**YOUR INSTRUCTIONS**
Your answer consists of the lines in the data that contain "aseq". Copy each of them.

**DATASET EXCERPTS**
Theorem corollary6p53 (k : nat) (Γ : zmodType) (B B' : dbga k Γ)
    (A A' : dgmod B) (ds : seq (ddterm B B' (Γ * int)))
    (F1 : A -> A') (F2 : A -> B -> A') (G1 : A' -> A) (G2 : A' -> B -> A)
    (H1 : A -> A) (H1' : A' -> A') :
  is_rank1_DD ds ->
  is_ainf2 F1 F2 ->
  is_ainf2 G1 G2 ->
  ((forall x a, F2 x a = 0) \/ (forall y a, G2 y a = 0)) ->
  is_ainf_htpy (acomp (aseq F1 F2) (aseq G1 G2)) (@aid _ _ B A) H1 ->
  is_ainf_htpy (acomp (aseq G1 G2) (aseq F1 F2)) (@aid _ _ B A') H1' ->
  dhtpy_equiv (box_delta ds : A -> mJ A -> B') (box_delta ds : A' -> mJ A' -> B').
Proof.
move=> DD F G F2_or_G2_0 H H'.
have G2_or_F2_0 : (forall y a, G2 y a = 0) \/ (forall x a, F2 x a = 0).
  by case: F2_or_G2_0; [right | left].
exists (box_morph ds F1 F2), (box_morph ds G1 G2), (box_htpy B' H1), (box_htpy B' H1').
split; first exact: box_morph_dmorph.
split; first exact: box_morph_dmorph.
by split; [exact: box_htpy_dhtpy H | exact: box_htpy_dhtpy H'].
Qed.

**ANSWER TO THE EXERCISE**
  is_ainf_htpy (acomp (aseq F1 F2) (aseq G1 G2)) (@aid _ _ B A) H1 ->
  is_ainf_htpy (acomp (aseq G1 G2) (aseq F1 F2)) (@aid _ _ B A') H1' ->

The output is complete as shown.